Nissan Navara RX
  |  First Published: September 2016

It’s been said before, but I’ll say it again: the Australian ute buyer has never had it so good! We are definitely spoilt for choice at the moment. Take the Nissan Navara for instance. Released last year with great fanfare, the new model NP300 actually lived up to the hype. It comes in a choice of petrol or twin turbo diesel engines, with options for coil springs at the rear or a leaf spring set up.

The Navara is a very good ute, suited just as well to work on weekdays and play time on weekends. And with 27 variants on offer – thanks to many drive lines, body styles, engine and transmission choices – there’s one for every need. The King Cab, for instance, is available in the RX, ST and STX configurations, each adding feature upon feature.

Manual ute reviewed

Autos are very popular in diesels these days, but for those of us who don’t mind a bit of leg movement when driving there’s nothing intrinsically wrong with changing gears manually – and that’s exactly what the Navara 4x4 RX King Cab was all about. With its 6-speed manual gear box, this ute was very enjoyable to drive thanks to a well-spaced set of gear ratios, a very smooth clutch and a 2.3L turbo diesel engine that seemed to have no end of pulling power compared to its modest size. It was also quite responsive.

The King Cab designation refers to seating arrangements that see the front seats complemented by a short-term use rear seat set-up accessed via a rearward opening door. The front seats were very comfortable and well formed, and the paired rear seats were large enough to accommodate two adults for a short time. Alternatively, they can be folded up to accommodate a heap of gear for a weekend away.

The rear seating set-up was better than some others on today’s market, given that there were adjustable head rests and even air vents. Finding a handle to open a rear door was a bit tricky at first, but it doesn’t take long to get the hang of it.


The RX sits second from the bottom in the Navara NP300 features and trim stable, but it doesn’t seem much like a base vehicle. There were power windows (including the sliding one between rear of cabin and tray); carpeted flooring; well-shaped, cloth-covered seats; and cruise control. There were even a couple of 12V outlets in the cabin, one between the front seats and another up on the dash for the GPS, plus an extra one other in the rear cargo area.

Air conditioning was also standard and there was a defrost option for the rear glass section of the cabin, something not all utes in this class have. Other handy features were a radio that offered Bluetooth streaming and a USB socket and line-in jack. Coupled with a very high standard of fit and finish, the front seating and dash area were almost sedan-like. Hardly a poverty pack!

Storage was also pretty well catered for, with plenty of cubby holes and dedicated areas such as a tray on the dash, another between seats and a mobile phone storage area for the front passenger.

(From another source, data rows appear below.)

(* Let $(X,\Sigma)$ be a random pair valued in $\mathcal{X}\times\mathfrak{S}_n$ with $X\sim\mu$. Let $\mathcal{P}=\{\mathcal{C}_1,\dots,\mathcal{C}_K\}$ be a partition of $\mathcal{X}$ into $K\ge1$ measurable cells with $\mu(\mathcal{C}_k)>0$ for all $k$. Let $\mathcal{S}_{\mathcal{P}}$ be the set of rules of the form $s_{\mathcal{P},\bar\sigma}(x)=\sum_{k=1}^K\sigma_k\,\mathbb{I}\{x\in\mathcal{C}_k\}$ with $\bar\sigma=(\sigma_1,\dots,\sigma_K)\in\mathfrak{S}_n^K$. Then the set of minimizers of $\mathcal{R}$ over $\mathcal{S}_{\mathcal{P}}$ consists exactly of the rules $s_{\mathcal{P},\bar\sigma}$ such that, for every $k\in\{1,\dots,K\}$, $\sigma_k$ is a Kemeny median of $P_{\mathcal{C}_k}$. Moreover, $$\min_{s\in\mathcal{S}_{\mathcal{P}}}\mathcal{R}(s)=\sum_{k=1}^K\mu(\mathcal{C}_k)L^*_{P_{\mathcal{C}_k}}.$$ If in addition $P_{\mathcal{C}_k}\in\mathcal{T}$ for $1\le k\le K$, the risk minimizer over $\mathcal{S}_{\mathcal{P}}$ is unique and is given by $s^*_{\mathcal{P}}(x)=\sum_{k=1}^K\sigma^*_{P_{\mathcal{C}_k}}\,\mathbb{I}\{x\in\mathcal{C}_k\}$.
   Context: $\mathfrak{S}_n$ is the set of permutations of $\{1,\dots,n\}$. The Kendall $\tau$ distance is $d_\tau(\sigma,\sigma')=\sum_{i<j}\mathbb{I}\{(\sigma(i)-\sigma(j))(\sigma'(i)-\sigma'(j))<0\}$. For a distribution $P$ on $\mathfrak{S}_n$: $L_P(\sigma)=\mathbb{E}_{\Sigma\sim P}[d_\tau(\Sigma,\sigma)]$, $L_P^*=\min_\sigma L_P(\sigma)$, and a Kemeny median of $P$ is any minimizer of $L_P$. For a measurable set $\mathcal{C}$ with $\mu(\mathcal{C})>0$, $P_{\mathcal{C}}$ is the conditional distribution of $\Sigma$ given $X\in\mathcal{C}$. $\mathcal{T}$ is the set of strictly stochastically transitive distributions. These are the $P$ whose pairwise probabilities $p_{i,j}=\mathbb{P}_{\Sigma\sim P}\{\Sigma(i)<\Sigma(j)\}$ satisfy (a) $p_{i,j}\ge1/2$ and $p_{j,k}\ge1/2\Rightarrow p_{i,k}\ge1/2$, and (b) $p_{i,j}\ne1/2$ for all $i<j$. For $P\in\mathcal{T}$ the Kemeny median is unique, denoted $\sigma^*_P$. The risk of a measurable rule $s:\mathcal{X}\to\mathfrak{S}_n$ is $\mathcal{R}(s)=\mathbb{E}[d_\tau(s(X),\Sigma)]$. *)

From HB Require Import structures.
From mathcomp Require Import all_boot all_order all_algebra all_fingroup.
From mathcomp Require Import all_classical all_reals all_analysis.
Set Implicit Arguments. Unset Strict Implicit. Unset Printing Implicit Defensive.
Import Order.TTheory GRing.Theory Num.Theory.
Local Open Scope classical_set_scope.
Local Open Scope ring_scope.

(* Kendall tau distance on 'S_n (positions 'I_n, ranks s i : 'I_n) *)
Definition dtau (n : nat) (s t : 'S_n) : nat :=
  #|[set ij : 'I_n * 'I_n | (ij.1 < ij.2)%N &&
     (((s ij.1)%:Z - (s ij.2)%:Z) * ((t ij.1)%:Z - (t ij.2)%:Z) < 0)%R]|.

(* A distribution on 'S_n is given by its probability mass function. *)
Definition Lrisk (R : realType) (n : nat) (p : 'S_n -> R) (s : 'S_n) : R :=
  \sum_(t : 'S_n) p t * (dtau t s)%:R.

Definition Lstar (R : realType) (n : nat) (p : 'S_n -> R) : R :=
  \big[Num.min/Lrisk p 1]_(t : 'S_n) Lrisk p t.

Definition kemeny_median (R : realType) (n : nat) (p : 'S_n -> R) (s : 'S_n) : Prop :=
  forall t : 'S_n, Lrisk p s <= Lrisk p t.

Definition pairwise_prob (R : realType) (n : nat) (p : 'S_n -> R) (i j : 'I_n) : R :=
  \sum_(t : 'S_n | (t i < t j)%N) p t.

Definition strictly_sst (R : realType) (n : nat) (p : 'S_n -> R) : Prop :=
  (forall i j k : 'I_n, 2^-1 <= pairwise_prob p i j -> 2^-1 <= pairwise_prob p j k ->
      2^-1 <= pairwise_prob p i k) /\
  (forall i j : 'I_n, (i < j)%N -> pairwise_prob p i j != 2^-1).

Definition condlaw (R : realType) (d : measure_display) (Omega : measurableType d)
  (P : probability Omega R) (d' : measure_display) (T : measurableType d')
  (n : nat) (X : Omega -> T) (Sig : Omega -> 'S_n) (A : set T) : 'S_n -> R :=
  fun s => fine (P (X @^-1` A `&` Sig @^-1` [set s])) / fine (P (X @^-1` A)).

Definition prule (T : Type) (n K : nat) (C : 'I_K -> set T) (sb : 'I_K -> 'S_n)
  (x : T) : 'S_n :=
  if [pick k : 'I_K | `[< C k x >] ] is Some k then sb k else 1%g.

Definition risk (R : realType) (d : measure_display) (Omega : measurableType d)
  (P : probability Omega R) (d' : measure_display) (T : measurableType d')
  (n : nat) (X : Omega -> T) (Sig : Omega -> 'S_n) (s : T -> 'S_n) : \bar R :=
  (\int[P]_w ((dtau (s (X w)) (Sig w))%:R : R)%:E)%E.

(* The cells partition the space, so the risk of the rule with permutations
   sigma_1, ..., sigma_K is sum_k mu(C_k) L_{P_{C_k}}(sigma_k): a positively
   weighted sum whose k-th term depends on sigma_k alone.  Hence a rule is a
   minimizer iff every sigma_k minimizes L_{P_{C_k}}, i.e. is a Kemeny median,
   and the minimal value is sum_k mu(C_k) L*_{P_{C_k}}.

   For uniqueness, write L_P(sigma) as the sum over pairs i < j of the
   probability that Sigma orders i and j against sigma.  Under strict
   stochastic transitivity "p_{i,j} > 1/2" is a strict total order on items,
   and ranking every item by the number of items beating it (Copeland) makes
   each pairwise term minimal; a permutation disagreeing with it on one pair
   pays strictly more on that pair, so it is the only Kemeny median. *)

From HB Require Import structures.
From mathcomp Require Import all_boot all_order all_algebra all_fingroup.
From mathcomp Require Import all_classical all_reals all_analysis.
From mathcomp Require Import measurable_realfun lra.
Import Order.TTheory GRing.Theory Num.Theory.
Set Implicit Arguments. Unset Strict Implicit. Unset Printing Implicit Defensive.
Local Open Scope ring_scope.

Lemma in_set_boolE (T : Type) (b : T -> bool) (x : T) :
  (x \in ([set y | b y]%classic : set T)) = b x.
Proof. by apply/idP/idP; rewrite in_setE. Qed.

Section KendallTau.
Variables (R : realType) (n : nat).
Implicit Types (s t : 'S_n) (p : 'S_n -> R) (i j : 'I_n).

Lemma dtauC s t : dtau s t = dtau t s.
Proof. by apply: eq_card => ij; rewrite !in_set_boolE mulrC. Qed.

Lemma perm_ltnNgt t i j : i != j -> (t i < t j)%N = ~~ (t j < t i)%N.
Proof.
move=> nij; rewrite -leqNgt [(t i <= _)%N]leq_eqVlt.
by rewrite [_ == _]val_eqE (inj_eq perm_inj) (negbTE nij).
Qed.

Lemma perm_discordE t s i j : i != j ->
  (((t i)%:Z - (t j)%:Z) * ((s i)%:Z - (s j)%:Z) < 0) =
  ((t i < t j)%N != (s i < s j)%N).
Proof.
move=> nij; have rank_neq (u : 'S_n) : (u i)%:Z - (u j)%:Z != 0.
  by rewrite subr_eq0 eqz_nat val_eqE (inj_eq perm_inj).
rewrite neq0_mulr_lt0 // !subr_lt0 !ltz_nat.
by case: (t i < t j)%N; case: (s i < s j)%N.
Qed.

Definition discord_prob p s i j :=
  if (s i < s j)%N then pairwise_prob p j i else pairwise_prob p i j.

Lemma Lrisk_discord p s :
  Lrisk p s = \sum_(ij : 'I_n * 'I_n | (ij.1 < ij.2)%N) discord_prob p s ij.1 ij.2.
Proof.
rewrite /Lrisk.
under eq_bigr do rewrite /dtau -sum1_card natr_sum mulr_sumr big_mkcond /=.
rewrite exchange_big /= [RHS]big_mkcond /=; apply: eq_bigr => -[i j] _ /=.
case: ltnP => [ij|ji]; last first.
  by apply: big1 => t _; rewrite in_set_boolE /= ltnNge ji.
have nij : i != j by rewrite neq_ltn ij.
rewrite /discord_prob /pairwise_prob.
case: ifP => sij; rewrite [RHS]big_mkcond /=; apply: eq_bigr => t _;
  rewrite in_set_boolE /= ij perm_discordE // sij ?mulr1 ?mulr0.
- by rewrite (perm_ltnNgt t nij); case: (t j < t i)%N.
- by case: (t i < t j)%N.
Qed.

Lemma pairwise_prob_compl p i j : \sum_t p t = 1 -> i != j ->
  pairwise_prob p i j + pairwise_prob p j i = 1.
Proof.
move=> p1 nij; rewrite -p1 (bigID (fun t : 'S_n => (t i < t j)%N)) /=.
by congr (_ + _); apply: eq_bigl => t; rewrite (perm_ltnNgt t nij) negbK.
Qed.

Lemma pairwise_probxx p i : pairwise_prob p i i = 0.
Proof. by rewrite /pairwise_prob big_pred0 // => t; rewrite ltnn. Qed.

Lemma card_ord_ltn k : (k <= n)%N -> #|[set m : 'I_n | (m < k)%N]| = k.
Proof.
move=> kn; have -> : [set m : 'I_n | (m < k)%N] = widen_ord kn @: 'I_k.
  apply/setP => m; rewrite inE; apply/idP/imsetP => [mk|[x _ ->] /=].
    by exists (Ordinal mk) => //; apply: val_inj.
  exact: ltn_ord.
by rewrite card_imset ?card_ord // => x y /(congr1 val) /= /val_inj.
Qed.

Lemma card_perm_ltn s i : #|[set j | (s j < s i)%N]| = s i.
Proof.
have -> : [set j | (s j < s i)%N] = s @^-1: [set m : 'I_n | (m < s i)%N].
  by apply/setP => j; rewrite !inE.
by rewrite card_preimset ?card_ord_ltn //; [exact: ltnW | exact: perm_inj].
Qed.

Lemma eq_perm_ltn s t : (forall i j, (s i < s j)%N = (t i < t j)%N) -> s = t.
Proof.
move=> st; apply/permP => i; apply: val_inj => /=.
by rewrite -card_perm_ltn -[RHS]card_perm_ltn; apply: eq_card => j; rewrite !inE st.
Qed.

Lemma kemeny_median_Lstar p s : kemeny_median p s -> Lstar p = Lrisk p s.
Proof.
move=> med; apply/eqP; rewrite eq_le bigmin_le //=.
by apply: le_bigmin => // t _; exact: med.
Qed.

Lemma arg_min_kemeny_median p : kemeny_median p [arg min_(s < 1%g) Lrisk p s]%O.
Proof. by case: arg_minP => // s _ smin t; exact: smin. Qed.

End KendallTau.

Section StrictlyTransitive.
Variables (R : realType) (n : nat) (p : 'S_n -> R).
Hypotheses (p1 : \sum_t p t = 1) (sst : strictly_sst p).
Implicit Types (s : 'S_n) (i j k : 'I_n).

Let q := pairwise_prob p.

Definition beats i j := 2^-1 < q i j.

On the exterior, the grille was dressed up with plenty of chrome, as were the large external door mirrors with the elongated cabin reflecting the King Cab’s unique styling. Wheels sported modest 205 R16 steel rims, but with the Nissan’s retail price well below quite a few of its competitors, who’s complaining?


On the city roads and country highways, the Nissan was a very easy drive. The 4x4’s overall height offered excellent visibility all round, and the transmission very capably mated with the 4-cylinder diesel engine’s 120kW of power, 403Nm of torque to see it quite quick off the mark. It easily answered power requirements to move up to a highway cruising speed, which it maintained effortlessly. Towing our 4.3m Bullshark with its 40 Evinrude was a non-event, and with a braked trailer tow rating of 3500kg and an unbraked rating of 750kg, the Navara would satisfy a lot of boat owners’ requirements.

I had the opportunity to try out the 4WD capability of the King Cab when I had to back the unit a fair way down on a muddy boat ramp on the Logan River. The Navara easily removed the Bullshark from the low tide mess of slimy mud. A quick flick of the dash dial to 4x4 high, and gently easing out the clutch on first gear, saw the car and boat up the ramp like a cork out of a bottle. It’s one of those times when the money spent on 4WD instead of 2WD is well worth it.

Suspension modifications

Overall, the Navara’s ride was better than I expected from a leaf-sprung ute. I have never regarded Navaras as rough riding by any stretch of the imagination, but Nissan have now modified the rear spring assembly to shorten springs (when compared to previous Navaras) as well as mounting them in a rubber assembly to reduce perceived rebound.

Fuel consumption is always a talking point, and while Nissan claim a little more modest consumption than the 7.5L per 100km I achieved, there is certainly not much wrong with consumption of that order. With an 80L tank under the rear tub (1800mm long and 1120mm wide between wheel arches) the King Cab certainly has an excellent cruising range.

Summing up

My impression of the Navara RX King Cab is that it’s going to make choosing the right ute for work and play just that bit harder. There’s a multitude of similar 1-tonne capacity vehicles on offer, but the overall fit and finish, decent levels of standard features plus ride quality make the RX King Cab an attractive choice. The warranty is three years/100,000km, and a 5-star ANCAP safety rating is assured.